(* Let $\mathcal{X}$ be a finite-dimensional Hilbert space with orthonormal basis $\{|j\rangle\}$, let $\xi\in\mathcal{D}(\mathcal{X})$ and let $\Phi$ be the erasure channel $\Phi(A)=\xi\operatorname{Tr}A$ (so $\Phi(\rho)=\xi$ for every density operator $\rho$). Let $U$ be a unitary on $\mathcal{X}$ and $\Psi(\rho)=U\rho U^\dagger$. Then for every $\sigma\in\mathcal{D}(\mathcal{X})$, $$G_{\mathrm{ch}}(\Phi,\Psi;\sigma)=\operatorname{Tr}\big(\sigma^2U^\dagger\xi U\big)\le\sum_i\lambda_i^{\downarrow}\mu_i^{\downarrow},$$ where $\lambda_1^\downarrow\ge\lambda_2^\downarrow\ge\dots$ are the eigenvalues of $\xi$ and $\mu_1^\downarrow\ge\mu_2^\downarrow\ge\dots$ the eigenvalues of $\sigma$.
   Context: $\mathcal{D}(\mathcal{X})$ is the set of density operators on $\mathcal{X}$. Superfidelity: $G(\rho_1,\rho_2)=\operatorname{Tr}(\rho_1\rho_2)+\sqrt{1-\operatorname{Tr}\rho_1^2}\sqrt{1-\operatorname{Tr}\rho_2^2}$. Channel superfidelity: $G_{\mathrm{ch}}(\Phi,\Psi;\sigma)=\inf G\big((\Phi\otimes\mathbb{1}_{\mathcal{L}(\mathcal{Z})})(\xi'),(\Psi\otimes\mathbb{1}_{\mathcal{L}(\mathcal{Z})})(\xi')\big)$ over all finite-dimensional $\mathcal{Z}$ and all pure states $\xi'$ on $\mathcal{X}\otimes\mathcal{Z}$ with $\operatorname{Tr}_{\mathcal{Z}}\xi'=\sigma$. *)

(* matrices over an arbitrary numClosedFieldType C
   (e.g. the complex numbers); Hilbert space X = C^n with its standard basis. *)
From HB Require Import structures.
From mathcomp Require Import all_boot all_order all_algebra.
Set Implicit Arguments. Unset Strict Implicit. Unset Printing Implicit Defensive.
Import Order.TTheory GRing.Theory Num.Theory.
Local Open Scope ring_scope.

Section Defs.
Variable C : numClosedFieldType.

Definition dag m n (A : 'M[C]_(m, n)) : 'M[C]_(n, m) := (map_mx Num.conj A)^T.

Definition psd n (A : 'M[C]_n) : Prop :=
  dag A = A /\ forall v : 'cV[C]_n, 0 <= (dag v *m A *m v) 0 0.
Definition density n (A : 'M[C]_n) : Prop := psd A /\ \tr A = 1.
Definition pure n (A : 'M[C]_n) : Prop :=
  density A /\ exists v : 'cV[C]_n, A = v *m dag v.

(* X (x) Z is identified with C^(n*m) via mxvec_index : 'I_n -> 'I_m -> 'I_(n*m) *)
Definition idx_split n m (k : 'I_(n * m)) : 'I_n * 'I_m :=
  enum_val (cast_ord (esym (mxvec_cast n m)) k).

Definition kron n m (A : 'M[C]_n) (B : 'M[C]_m) : 'M[C]_(n * m) :=
  \matrix_(k, l) (A (idx_split k).1 (idx_split l).1 * B (idx_split k).2 (idx_split l).2).

Definition ptraceZ n m (M : 'M[C]_(n * m)) : 'M[C]_n :=
  \matrix_(i, j) \sum_(k < m) M (mxvec_index i k) (mxvec_index j k).

Definition tensor_id n m (Phi : 'M[C]_n -> 'M[C]_n) (M : 'M[C]_(n * m)) : 'M[C]_(n * m) :=
  \sum_(k < m) \sum_(l < m)
     kron (Phi (\matrix_(i, j) M (mxvec_index i k) (mxvec_index j l))) (delta_mx k l).

Definition superfid n (r1 r2 : 'M[C]_n) : C :=
  \tr (r1 *m r2) + sqrtC (1 - \tr (r1 *m r1)) * sqrtC (1 - \tr (r2 *m r2)).

Definition Gch_set n (Phi Psi : 'M[C]_n -> 'M[C]_n) (sigma : 'M[C]_n) (g : C) : Prop :=
  exists (m : nat) (xi' : 'M[C]_(n * m)),
    pure xi' /\ ptraceZ xi' = sigma /\
    g = superfid (tensor_id Phi xi') (tensor_id Psi xi').

Definition is_inf (S : C -> Prop) (g : C) : Prop :=
  (forall x, S x -> g <= x) /\ (forall b, (forall x, S x -> b <= x) -> b <= g).

Definition is_Gch n (Phi Psi : 'M[C]_n -> 'M[C]_n) (sigma : 'M[C]_n) (g : C) : Prop :=
  is_inf (Gch_set Phi Psi sigma) g.

Definition eigen_desc n (A : 'M[C]_n) (s : seq C) : Prop :=
  size s = n /\ char_poly A = \prod_(x <- s) ('X - x%:P) /\ sorted (fun x y => y <= x) s.

End Defs.

(* Every purification of sigma has the form |v> = sum_(i,k) M_(i,k) |i>|k> with
   M M^dagger = sigma.  The unitary channel keeps it pure, so the superfidelity
   collapses to the overlap <v'| xi (x) M^T conj(M) |v'> with v' = (U (x) 1) v,
   which is Tr(M^dagger U^dagger xi U M M^dagger M) = Tr(sigma^2 U^dagger xi U),
   independent of the purification; hence it is the infimum.  Diagonalising
   sigma = P^dagger diag(mu) P and xi = Q^dagger diag(lambda) Q turns this trace
   into sum_(i,j) |R_(i,j)|^2 lambda_i mu_j^2 with R = Q U P^dagger unitary, so
   |R|^2 is doubly stochastic; Abel summation against the sorted eigenvalues
   bounds it by sum_i lambda_i mu_i^2 <= sum_i lambda_i mu_i. *)

From HB Require Import structures.
From mathcomp Require Import all_boot all_order all_algebra perm ring.
Set Implicit Arguments. Unset Strict Implicit. Unset Printing Implicit Defensive.
Import Order.TTheory GRing.Theory Num.Theory Num.Def.
Local Open Scope ring_scope.

Section Rearrangement.
Variable R : numDomainType.

Lemma telescope_tail n (x : nat -> R) (i : 'I_n) : x n = 0 ->
  x i = \sum_(k < n) (i <= k)%N%:R * (x k - x k.+1).
Proof.
move=> xn; rewrite -(big_mkord xpredT (fun k => (i <= k)%N%:R * (x k - x k.+1))).
rewrite (@big_cat_nat _ _ _ i) //=; last exact: ltnW.
rewrite big_nat_cond big1 ?add0r => [|k /andP[/andP[_ ki] _]]; last first.
  by rewrite leqNgt ki mul0r.
rewrite big_nat_cond (eq_bigr (fun k => - (x k.+1 - x k))) => [|k /andP[/andP[ik _] _]].
  by rewrite -big_nat_cond sumrN telescope_sumr ?xn ?sub0r ?opprK // ltnW.
by rewrite ik mul1r opprB.
Qed.

Lemma sum_mx1_mulr n (i : 'I_n) (F : 'I_n -> R) : \sum_j (1%:M : 'M[R]_n) i j * F j = F i.
Proof.
rewrite (bigD1 i) //= big1 ?addr0 => [|j /negbTE ji]; rewrite mxE ?eqxx ?mul1r //.
by rewrite eq_sym ji mul0r.
Qed.

Lemma abel_bilinear n (x y : nat -> R) (V : 'M[R]_n) : x n = 0 -> y n = 0 ->
  \sum_i \sum_j V i j * (x i * y j) =
  \sum_(k < n) \sum_(l < n) (x k - x k.+1) * (y l - y l.+1) *
     \sum_(i < n) \sum_(j < n) (i <= k)%N%:R * (j <= l)%N%:R * V i j.
Proof.
move=> xn yn; have ex i := @telescope_tail n x i xn; have ey j := @telescope_tail n y j yn.
under eq_bigr do under eq_bigr do rewrite ex ey mulr_suml mulr_sumr.
under eq_bigr do under eq_bigr do under eq_bigr do rewrite mulr_sumr mulr_sumr.
under eq_bigr do rewrite exchange_big.
rewrite exchange_big.
under eq_bigr do under eq_bigr do rewrite exchange_big.
under eq_bigr do rewrite exchange_big.
apply: eq_bigr => k _; apply: eq_bigr => l _.
rewrite mulr_sumr; apply: eq_bigr => i _; rewrite mulr_sumr.
by apply: eq_bigr => j _ /=; ring.
Qed.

**HOW TO COMPLETE THIS TASK:** What you return must be the lines above that run from the line with "move=> xn; rewrite" to the line with "Lemma abel_bilinear n", inclusive, each copied exactly.

**SOLUTION TO THE EXERCISE:**
move=> xn; rewrite -(big_mkord xpredT (fun k => (i <= k)%N%:R * (x k - x k.+1))).
rewrite (@big_cat_nat _ _ _ i) //=; last exact: ltnW.
rewrite big_nat_cond big1 ?add0r => [|k /andP[/andP[_ ki] _]]; last first.
  by rewrite leqNgt ki mul0r.
rewrite big_nat_cond (eq_bigr (fun k => - (x k.+1 - x k))) => [|k /andP[/andP[ik _] _]].
  by rewrite -big_nat_cond sumrN telescope_sumr ?xn ?sub0r ?opprK // ltnW.
by rewrite ik mul1r opprB.
Qed.

Lemma sum_mx1_mulr n (i : 'I_n) (F : 'I_n -> R) : \sum_j (1%:M : 'M[R]_n) i j * F j = F i.
Proof.
rewrite (bigD1 i) //= big1 ?addr0 => [|j /negbTE ji]; rewrite mxE ?eqxx ?mul1r //.
by rewrite eq_sym ji mul0r.
Qed.

Lemma abel_bilinear n (x y : nat -> R) (V : 'M[R]_n) : x n = 0 -> y n = 0 ->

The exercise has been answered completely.